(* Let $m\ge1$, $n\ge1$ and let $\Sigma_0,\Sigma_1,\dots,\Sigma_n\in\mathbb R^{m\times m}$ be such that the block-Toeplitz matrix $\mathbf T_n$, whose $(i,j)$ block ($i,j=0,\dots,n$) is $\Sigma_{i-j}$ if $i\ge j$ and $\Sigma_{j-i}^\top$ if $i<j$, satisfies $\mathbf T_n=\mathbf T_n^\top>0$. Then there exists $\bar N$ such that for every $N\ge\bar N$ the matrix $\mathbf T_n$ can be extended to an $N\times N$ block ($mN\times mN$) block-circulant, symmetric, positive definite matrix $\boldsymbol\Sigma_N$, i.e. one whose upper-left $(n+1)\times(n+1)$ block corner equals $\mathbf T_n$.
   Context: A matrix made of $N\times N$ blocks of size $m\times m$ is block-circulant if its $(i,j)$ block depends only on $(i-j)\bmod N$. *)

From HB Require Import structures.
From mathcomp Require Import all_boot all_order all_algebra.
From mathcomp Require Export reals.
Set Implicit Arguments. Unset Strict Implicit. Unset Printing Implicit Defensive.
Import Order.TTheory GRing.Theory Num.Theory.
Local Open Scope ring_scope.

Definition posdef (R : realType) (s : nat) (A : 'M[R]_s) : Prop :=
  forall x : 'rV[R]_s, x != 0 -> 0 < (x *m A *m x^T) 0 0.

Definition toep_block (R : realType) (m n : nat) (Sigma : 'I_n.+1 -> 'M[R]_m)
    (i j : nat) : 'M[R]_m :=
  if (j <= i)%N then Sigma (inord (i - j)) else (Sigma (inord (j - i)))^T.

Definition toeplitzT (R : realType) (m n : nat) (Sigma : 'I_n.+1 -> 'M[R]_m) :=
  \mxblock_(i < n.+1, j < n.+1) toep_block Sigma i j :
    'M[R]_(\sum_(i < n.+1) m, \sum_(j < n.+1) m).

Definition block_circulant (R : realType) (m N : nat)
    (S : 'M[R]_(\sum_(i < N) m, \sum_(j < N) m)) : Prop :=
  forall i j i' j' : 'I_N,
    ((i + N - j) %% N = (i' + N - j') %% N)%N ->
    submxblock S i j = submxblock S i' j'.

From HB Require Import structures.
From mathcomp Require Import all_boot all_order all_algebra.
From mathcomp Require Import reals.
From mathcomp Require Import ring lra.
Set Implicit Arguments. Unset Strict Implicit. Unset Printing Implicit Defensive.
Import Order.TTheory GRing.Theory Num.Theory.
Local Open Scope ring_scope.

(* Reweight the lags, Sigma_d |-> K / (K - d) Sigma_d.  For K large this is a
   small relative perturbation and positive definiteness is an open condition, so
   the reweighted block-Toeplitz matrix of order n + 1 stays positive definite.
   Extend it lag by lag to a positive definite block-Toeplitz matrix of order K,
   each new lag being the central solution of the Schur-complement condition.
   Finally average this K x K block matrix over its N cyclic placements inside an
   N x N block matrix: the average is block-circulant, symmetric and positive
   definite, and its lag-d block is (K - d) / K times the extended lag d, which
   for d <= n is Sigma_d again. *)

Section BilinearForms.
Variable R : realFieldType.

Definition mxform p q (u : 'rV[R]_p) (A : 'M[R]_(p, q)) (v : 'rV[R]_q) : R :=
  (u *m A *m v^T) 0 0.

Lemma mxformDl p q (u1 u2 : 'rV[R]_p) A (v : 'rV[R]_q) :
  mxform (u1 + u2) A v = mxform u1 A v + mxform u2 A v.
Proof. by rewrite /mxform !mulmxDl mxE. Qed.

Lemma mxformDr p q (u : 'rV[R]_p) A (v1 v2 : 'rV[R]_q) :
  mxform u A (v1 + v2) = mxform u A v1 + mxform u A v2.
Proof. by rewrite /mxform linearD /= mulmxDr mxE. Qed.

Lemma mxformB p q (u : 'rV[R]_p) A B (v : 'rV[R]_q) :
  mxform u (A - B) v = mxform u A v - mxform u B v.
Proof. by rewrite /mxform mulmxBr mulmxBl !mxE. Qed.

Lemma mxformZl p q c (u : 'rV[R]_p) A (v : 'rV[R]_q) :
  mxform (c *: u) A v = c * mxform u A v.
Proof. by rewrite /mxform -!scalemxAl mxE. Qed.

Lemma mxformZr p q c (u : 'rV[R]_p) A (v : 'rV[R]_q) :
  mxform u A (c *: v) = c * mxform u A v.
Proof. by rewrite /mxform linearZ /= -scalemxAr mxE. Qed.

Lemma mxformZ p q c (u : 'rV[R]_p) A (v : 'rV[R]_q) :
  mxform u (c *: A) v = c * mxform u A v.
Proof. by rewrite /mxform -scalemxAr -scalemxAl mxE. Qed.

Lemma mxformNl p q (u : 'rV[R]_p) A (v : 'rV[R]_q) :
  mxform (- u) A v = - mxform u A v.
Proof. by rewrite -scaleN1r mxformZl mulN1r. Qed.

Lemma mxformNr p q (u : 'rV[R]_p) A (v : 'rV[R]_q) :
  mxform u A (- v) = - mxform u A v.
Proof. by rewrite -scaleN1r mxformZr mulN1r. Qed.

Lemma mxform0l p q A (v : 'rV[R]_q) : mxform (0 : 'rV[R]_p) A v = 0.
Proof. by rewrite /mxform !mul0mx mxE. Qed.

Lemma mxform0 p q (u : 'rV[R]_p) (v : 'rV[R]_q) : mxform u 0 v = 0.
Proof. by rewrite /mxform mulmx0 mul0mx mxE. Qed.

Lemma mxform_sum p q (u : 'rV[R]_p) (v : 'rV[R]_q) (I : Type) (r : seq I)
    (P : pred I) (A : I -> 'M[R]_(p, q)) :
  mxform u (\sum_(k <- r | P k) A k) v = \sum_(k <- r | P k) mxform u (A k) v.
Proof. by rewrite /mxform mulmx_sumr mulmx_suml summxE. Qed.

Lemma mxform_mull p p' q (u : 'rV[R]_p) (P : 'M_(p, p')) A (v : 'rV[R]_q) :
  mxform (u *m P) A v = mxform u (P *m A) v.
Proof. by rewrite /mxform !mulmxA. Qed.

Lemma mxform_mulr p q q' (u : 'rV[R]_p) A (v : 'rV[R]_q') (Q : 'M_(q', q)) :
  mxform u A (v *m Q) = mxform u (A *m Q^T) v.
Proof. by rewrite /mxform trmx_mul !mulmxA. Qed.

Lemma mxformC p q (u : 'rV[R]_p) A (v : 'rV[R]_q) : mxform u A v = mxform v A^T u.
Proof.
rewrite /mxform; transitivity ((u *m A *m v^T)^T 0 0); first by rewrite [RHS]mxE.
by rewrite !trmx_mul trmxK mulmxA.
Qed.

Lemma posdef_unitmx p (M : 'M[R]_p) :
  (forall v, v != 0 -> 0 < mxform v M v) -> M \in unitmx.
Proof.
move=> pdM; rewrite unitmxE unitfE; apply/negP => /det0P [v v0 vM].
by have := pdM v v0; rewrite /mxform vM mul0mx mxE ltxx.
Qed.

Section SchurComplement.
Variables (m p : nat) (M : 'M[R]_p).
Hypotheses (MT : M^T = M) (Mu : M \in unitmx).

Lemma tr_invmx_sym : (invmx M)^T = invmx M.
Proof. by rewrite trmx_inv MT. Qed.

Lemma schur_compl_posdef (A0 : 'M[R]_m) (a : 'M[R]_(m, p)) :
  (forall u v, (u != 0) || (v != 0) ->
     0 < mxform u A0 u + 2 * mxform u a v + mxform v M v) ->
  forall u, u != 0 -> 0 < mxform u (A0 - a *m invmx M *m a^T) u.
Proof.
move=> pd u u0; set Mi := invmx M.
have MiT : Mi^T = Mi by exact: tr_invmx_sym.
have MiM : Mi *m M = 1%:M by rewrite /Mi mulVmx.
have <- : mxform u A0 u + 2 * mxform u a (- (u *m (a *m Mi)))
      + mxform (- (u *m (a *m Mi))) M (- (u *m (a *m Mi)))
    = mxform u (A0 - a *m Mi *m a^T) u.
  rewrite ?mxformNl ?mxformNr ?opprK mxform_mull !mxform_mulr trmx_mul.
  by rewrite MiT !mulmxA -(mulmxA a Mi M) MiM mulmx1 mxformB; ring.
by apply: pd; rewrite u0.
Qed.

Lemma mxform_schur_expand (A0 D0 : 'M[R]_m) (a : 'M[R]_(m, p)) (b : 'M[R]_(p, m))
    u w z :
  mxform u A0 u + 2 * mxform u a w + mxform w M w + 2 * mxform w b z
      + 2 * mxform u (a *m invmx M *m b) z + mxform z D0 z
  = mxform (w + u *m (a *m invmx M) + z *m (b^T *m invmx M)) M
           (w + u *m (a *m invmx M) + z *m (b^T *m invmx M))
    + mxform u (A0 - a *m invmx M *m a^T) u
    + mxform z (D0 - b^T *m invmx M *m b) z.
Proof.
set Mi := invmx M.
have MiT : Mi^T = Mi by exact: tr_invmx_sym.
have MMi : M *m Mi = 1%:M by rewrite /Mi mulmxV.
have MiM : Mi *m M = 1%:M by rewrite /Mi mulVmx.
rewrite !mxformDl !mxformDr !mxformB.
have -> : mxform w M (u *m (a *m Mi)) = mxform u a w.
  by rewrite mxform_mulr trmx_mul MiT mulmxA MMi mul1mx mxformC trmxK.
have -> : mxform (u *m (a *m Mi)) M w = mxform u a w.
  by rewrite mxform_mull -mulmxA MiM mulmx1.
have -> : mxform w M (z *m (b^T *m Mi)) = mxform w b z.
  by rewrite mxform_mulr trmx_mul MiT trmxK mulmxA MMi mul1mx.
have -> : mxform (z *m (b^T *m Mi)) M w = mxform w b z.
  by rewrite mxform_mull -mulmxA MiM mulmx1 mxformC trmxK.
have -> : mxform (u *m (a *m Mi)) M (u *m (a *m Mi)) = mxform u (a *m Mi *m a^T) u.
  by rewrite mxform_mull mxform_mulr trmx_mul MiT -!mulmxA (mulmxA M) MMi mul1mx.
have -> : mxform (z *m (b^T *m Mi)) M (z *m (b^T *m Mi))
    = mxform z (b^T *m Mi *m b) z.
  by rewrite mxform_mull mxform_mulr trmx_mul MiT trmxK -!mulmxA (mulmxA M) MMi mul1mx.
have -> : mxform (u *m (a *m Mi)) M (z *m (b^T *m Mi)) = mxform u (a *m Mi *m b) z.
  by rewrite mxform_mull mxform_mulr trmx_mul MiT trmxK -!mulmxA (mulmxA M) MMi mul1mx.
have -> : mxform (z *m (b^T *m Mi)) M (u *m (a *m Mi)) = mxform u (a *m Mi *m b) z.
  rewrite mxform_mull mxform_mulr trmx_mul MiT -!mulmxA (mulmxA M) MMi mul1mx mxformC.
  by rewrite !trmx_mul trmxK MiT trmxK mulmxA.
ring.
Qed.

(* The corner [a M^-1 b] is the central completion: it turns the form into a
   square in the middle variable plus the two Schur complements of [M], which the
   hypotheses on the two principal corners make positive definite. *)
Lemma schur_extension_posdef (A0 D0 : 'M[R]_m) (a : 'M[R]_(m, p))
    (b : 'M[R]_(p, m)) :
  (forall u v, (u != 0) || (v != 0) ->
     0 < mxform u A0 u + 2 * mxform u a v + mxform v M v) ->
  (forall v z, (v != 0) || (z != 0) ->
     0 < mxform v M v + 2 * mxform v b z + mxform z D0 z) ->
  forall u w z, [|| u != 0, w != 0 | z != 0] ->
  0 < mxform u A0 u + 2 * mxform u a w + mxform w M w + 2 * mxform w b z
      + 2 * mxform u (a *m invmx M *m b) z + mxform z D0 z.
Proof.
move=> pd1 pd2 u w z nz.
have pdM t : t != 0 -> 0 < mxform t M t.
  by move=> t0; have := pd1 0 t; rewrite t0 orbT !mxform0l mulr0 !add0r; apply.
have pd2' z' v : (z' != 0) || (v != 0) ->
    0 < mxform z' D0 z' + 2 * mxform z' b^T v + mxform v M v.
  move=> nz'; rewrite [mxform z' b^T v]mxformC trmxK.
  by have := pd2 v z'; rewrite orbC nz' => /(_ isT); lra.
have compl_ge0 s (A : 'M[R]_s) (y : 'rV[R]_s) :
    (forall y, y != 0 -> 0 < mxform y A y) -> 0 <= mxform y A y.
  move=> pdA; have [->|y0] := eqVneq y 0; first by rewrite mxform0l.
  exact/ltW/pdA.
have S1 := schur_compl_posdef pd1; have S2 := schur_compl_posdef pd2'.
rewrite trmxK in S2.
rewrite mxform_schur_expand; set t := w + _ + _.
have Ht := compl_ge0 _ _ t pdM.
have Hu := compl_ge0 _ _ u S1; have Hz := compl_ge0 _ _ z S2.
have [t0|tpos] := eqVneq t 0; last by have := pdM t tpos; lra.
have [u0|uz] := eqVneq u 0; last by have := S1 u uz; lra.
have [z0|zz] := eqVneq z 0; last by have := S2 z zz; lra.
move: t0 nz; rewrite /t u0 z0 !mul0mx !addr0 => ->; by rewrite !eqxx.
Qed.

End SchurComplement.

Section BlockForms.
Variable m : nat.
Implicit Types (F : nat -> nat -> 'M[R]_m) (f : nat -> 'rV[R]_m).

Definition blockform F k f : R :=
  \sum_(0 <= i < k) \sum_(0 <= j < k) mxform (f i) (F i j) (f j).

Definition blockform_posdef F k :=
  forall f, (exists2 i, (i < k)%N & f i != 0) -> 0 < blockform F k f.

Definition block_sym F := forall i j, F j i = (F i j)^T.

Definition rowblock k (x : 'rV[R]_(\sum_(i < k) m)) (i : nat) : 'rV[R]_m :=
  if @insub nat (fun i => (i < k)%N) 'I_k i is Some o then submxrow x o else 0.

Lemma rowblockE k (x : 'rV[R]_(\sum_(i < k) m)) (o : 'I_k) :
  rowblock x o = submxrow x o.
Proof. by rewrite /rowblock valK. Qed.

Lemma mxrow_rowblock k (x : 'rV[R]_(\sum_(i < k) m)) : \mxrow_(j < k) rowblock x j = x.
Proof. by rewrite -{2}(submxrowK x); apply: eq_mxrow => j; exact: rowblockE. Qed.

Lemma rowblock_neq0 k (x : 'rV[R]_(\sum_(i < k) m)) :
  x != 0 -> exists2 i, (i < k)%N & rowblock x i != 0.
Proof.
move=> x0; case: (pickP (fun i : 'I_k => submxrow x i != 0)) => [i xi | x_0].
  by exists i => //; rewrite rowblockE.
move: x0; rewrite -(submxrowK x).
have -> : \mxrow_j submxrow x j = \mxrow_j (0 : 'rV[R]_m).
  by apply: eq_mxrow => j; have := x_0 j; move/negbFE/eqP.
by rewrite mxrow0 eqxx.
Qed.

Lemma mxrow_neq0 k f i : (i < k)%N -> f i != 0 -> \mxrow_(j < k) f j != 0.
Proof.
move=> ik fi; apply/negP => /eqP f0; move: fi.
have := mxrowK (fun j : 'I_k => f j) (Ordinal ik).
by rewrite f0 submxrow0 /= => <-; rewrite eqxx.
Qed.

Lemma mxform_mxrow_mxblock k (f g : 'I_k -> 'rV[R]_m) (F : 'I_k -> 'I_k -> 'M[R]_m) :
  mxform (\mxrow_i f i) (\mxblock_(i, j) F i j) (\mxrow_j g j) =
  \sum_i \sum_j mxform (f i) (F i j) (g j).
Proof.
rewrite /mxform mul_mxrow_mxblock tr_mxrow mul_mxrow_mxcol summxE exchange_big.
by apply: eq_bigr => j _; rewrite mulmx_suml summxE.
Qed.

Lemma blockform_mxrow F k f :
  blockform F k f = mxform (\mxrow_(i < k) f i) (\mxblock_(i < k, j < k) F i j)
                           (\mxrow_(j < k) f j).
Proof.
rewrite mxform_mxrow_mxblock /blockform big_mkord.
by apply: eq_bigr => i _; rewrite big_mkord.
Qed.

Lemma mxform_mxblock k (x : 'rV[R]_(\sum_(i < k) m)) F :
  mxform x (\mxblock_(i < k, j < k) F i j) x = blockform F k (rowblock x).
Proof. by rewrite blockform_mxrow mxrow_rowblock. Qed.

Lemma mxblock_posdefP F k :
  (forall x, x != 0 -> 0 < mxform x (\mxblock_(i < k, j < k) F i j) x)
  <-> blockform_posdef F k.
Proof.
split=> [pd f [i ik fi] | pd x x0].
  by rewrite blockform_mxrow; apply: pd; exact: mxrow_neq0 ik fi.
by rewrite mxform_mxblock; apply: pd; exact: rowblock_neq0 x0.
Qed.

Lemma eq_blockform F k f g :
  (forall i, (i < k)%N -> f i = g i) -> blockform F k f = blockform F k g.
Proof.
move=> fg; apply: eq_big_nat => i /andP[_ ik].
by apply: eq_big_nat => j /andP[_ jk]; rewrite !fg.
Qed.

## Required work
Among the entries above, find the line with "invmx M *m b) z." and the line with "have -> : mxform (u *m (a *m Mi)) M (u"; give again exactly these two lines and all lines between them.

## Response
    + mxform z (D0 - b^T *m invmx M *m b) z.
Proof.
set Mi := invmx M.
have MiT : Mi^T = Mi by exact: tr_invmx_sym.
have MMi : M *m Mi = 1%:M by rewrite /Mi mulmxV.
have MiM : Mi *m M = 1%:M by rewrite /Mi mulVmx.
rewrite !mxformDl !mxformDr !mxformB.
have -> : mxform w M (u *m (a *m Mi)) = mxform u a w.
  by rewrite mxform_mulr trmx_mul MiT mulmxA MMi mul1mx mxformC trmxK.
have -> : mxform (u *m (a *m Mi)) M w = mxform u a w.
  by rewrite mxform_mull -mulmxA MiM mulmx1.
have -> : mxform w M (z *m (b^T *m Mi)) = mxform w b z.
  by rewrite mxform_mulr trmx_mul MiT trmxK mulmxA MMi mul1mx.
have -> : mxform (z *m (b^T *m Mi)) M w = mxform w b z.
  by rewrite mxform_mull -mulmxA MiM mulmx1 mxformC trmxK.
have -> : mxform (u *m (a *m Mi)) M (u *m (a *m Mi)) = mxform u (a *m Mi *m a^T) u.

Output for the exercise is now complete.